The memory reference for operands is certain to take as long as an instruction fetch, and it is quite possible to imagine a system where the time to perform arithmetic operations is comparable to the time taken to access memory. This leads to the suggestion that this architecture could be pipelined with the following pipeline stages:
- Fetch
- Gather operands and compute an effective address.
- Reference memory to load or store an operand.
- Perform an arithmetic operation and save result.
(It is important to note that this set of pipeline stages was derived from the instruction set of one computer, under one set of assumptions about the relative time taken for various operations. Other instruction sets and other assumptions about relative times lead naturally to other sets of operations!)
The Interstage Registers
Given the above breakdown of an instruction set into pipeline stages, the first question that must be resolved is: What goes in the interstage registers?
- Fetch
```
	 _______   _______
	|_______| |_______|
	   IR      NEXT PC
	
```
- Gather operands and compute an effective address.
The first stage fetches an instruction, so the interstage register that it feeds must contain this instruction word.
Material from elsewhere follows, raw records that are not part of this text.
(* Let $\mathsf{F}(X)=X+(X\times X)$ and $\mathsf{B}(X)=\mathcal{P}(X)$ be the interaction and observation functors. Then $\mathsf{F}$ and $\mathsf{B}$ preserve monomorphisms whose domain is the empty set, and $\mathsf{F}$ preserves wide (small) pushouts of epimorphisms. Consequently $\mathit{Dialg}(\mathsf{F},\mathsf{B})$ has (unique up to isomorphism) factorisations of every homomorphism into a homomorphism with surjective underlying function followed by one with injective underlying function, and every $(\mathsf{F},\mathsf{B})$-dialgebra has a bisimilarity quotient.
   Context: For functors $\mathsf{F},\mathsf{B}:\mathbf{Set}\to\mathbf{Set}$, an $(\mathsf{F},\mathsf{B})$-dialgebra is a pair $(X,f)$ with $X$ a set and $f:\mathsf{F}X\to\mathsf{B}X$ a function; a homomorphism $h:(X,f)\to(Y,g)$ is a function $h:X\to Y$ with $g\circ\mathsf{F}h=\mathsf{B}h\circ f$; these form $\mathit{Dialg}(\mathsf{F},\mathsf{B})$. The interaction functor is $\mathsf{F}(X)=X+(X\times X)$ with $\mathsf{F}h(x)=h(x)$ on the left summand and $\mathsf{F}h(x,y)=(h(x),h(y))$ on the right summand; the observation functor is the covariant powerset $\mathsf{B}(X)=\mathcal{P}(X)$ with $\mathsf{B}h(S)=h[S]$. A quotient of an object $A$ in a category is a chosen representative of an equivalence class of epimorphisms out of $A$ modulo postcomposition with isomorphisms. The bisimilarity quotient of $(X,f)$ is the wide pushout in $\mathit{Dialg}(\mathsf{F},\mathsf{B})$ (if it exists) of the family of all quotients of $(X,f)$. *)

From Stdlib Require Import ClassicalEpsilon FunctionalExtensionality PropExtensionality.

Definition F (X : Type) : Type := (X + (X * X))%type.
Definition Fmap {X Y : Type} (h : X -> Y) (u : F X) : F Y :=
  match u with
  | inl x => inl (h x)
  | inr (x, y) => inr (h x, h y)
  end.

Definition B (X : Type) : Type := X -> Prop.
Definition Bmap {X Y : Type} (h : X -> Y) (S : B X) : B Y :=
  fun y => exists x, S x /\ h x = y.

(* Monomorphisms / epimorphisms in Set (categorical definitions,
   morphism equality = pointwise equality). *)
Definition set_mono {X Y : Type} (m : X -> Y) : Prop :=
  forall (Z : Type) (u v : Z -> X),
    (forall z, m (u z) = m (v z)) -> forall z, u z = v z.
Definition set_epi {X Y : Type} (e : X -> Y) : Prop :=
  forall (Z : Type) (u v : Y -> Z),
    (forall x, u (e x) = v (e x)) -> forall y, u y = v y.

Definition set_cocone {I X : Type} {Y : I -> Type} (e : forall i, X -> Y i)
  (P : Type) (p : X -> P) (c : forall i, Y i -> P) : Prop :=
  forall i x, c i (e i x) = p x.

Definition set_wide_pushout {I X : Type} {Y : I -> Type} (e : forall i, X -> Y i)
  (P : Type) (p : X -> P) (c : forall i, Y i -> P) : Prop :=
  set_cocone e P p c /\
  forall (Q : Type) (q : X -> Q) (d : forall i, Y i -> Q),
    set_cocone e Q q d ->
    exists u : P -> Q,
      (forall x, u (p x) = q x) /\ (forall i y, u (c i y) = d i y) /\
      forall u' : P -> Q,
        (forall x, u' (p x) = q x) -> (forall i y, u' (c i y) = d i y) ->
        forall z, u' z = u z.

Record dialg := Dialg { car : Type; str : F car -> B car }.

Definition is_hom (D E : dialg) (h : car D -> car E) : Prop :=
  forall u, str E (Fmap h u) = Bmap h (str D u).

Definition hom (D E : dialg) : Type := {h : car D -> car E | is_hom D E h}.
Definition hfun {D E : dialg} (h : hom D E) : car D -> car E := proj1_sig h.

Definition dialg_epi {D E : dialg} (e : hom D E) : Prop :=
  forall (Z : dialg) (u v : hom E Z),
    (forall x, hfun u (hfun e x) = hfun v (hfun e x)) ->
    forall y, hfun u y = hfun v y.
For the IBM 360 architecture and many others, there are instructions that require knowledge of the address of the instruction following the instruction that was just fetched. In the case of the IBM 360, the BAL and BALR instructions need this so they can save a return address. Other computers need the same information for PC relative branches.
- Gather operands and compute an effective address.
```
	 _______   _______   _______
	|___////| |_______| |_______|
	   IR         R        EA
	
```
- Reference memory to load or store an operand.
The gather operands stage collects the operands of the instruction from general registers and from the next PC interstage register, and feeds the addressing adder which produces an effective address. The details of what operand is loaded in the R and EA interstage registers are determined by the opcode.
Certain fields of the instruction register are no-longer needed at this point. The displacement and base register B have been used, and for all of the example instructions, there is no further need for the index register X.
- Reference memory to load or store an operand.
```
	 _______   _______   _______
	|___////| |_______| |_______|
	   IR         R        OP
	
```
- Perform an arithmetic operation and save result.
The memory reference may save a register to memory, or it may load a register from memory. In the former case, most of the work of the instruciton has been completed and the ALU stage is only needed for cleanup. In the latter case, the ALU will be used to combine the two register operand R with the memory operand OP to compute some result. The opcode field is still needed, as is the register number, so the result can be saved.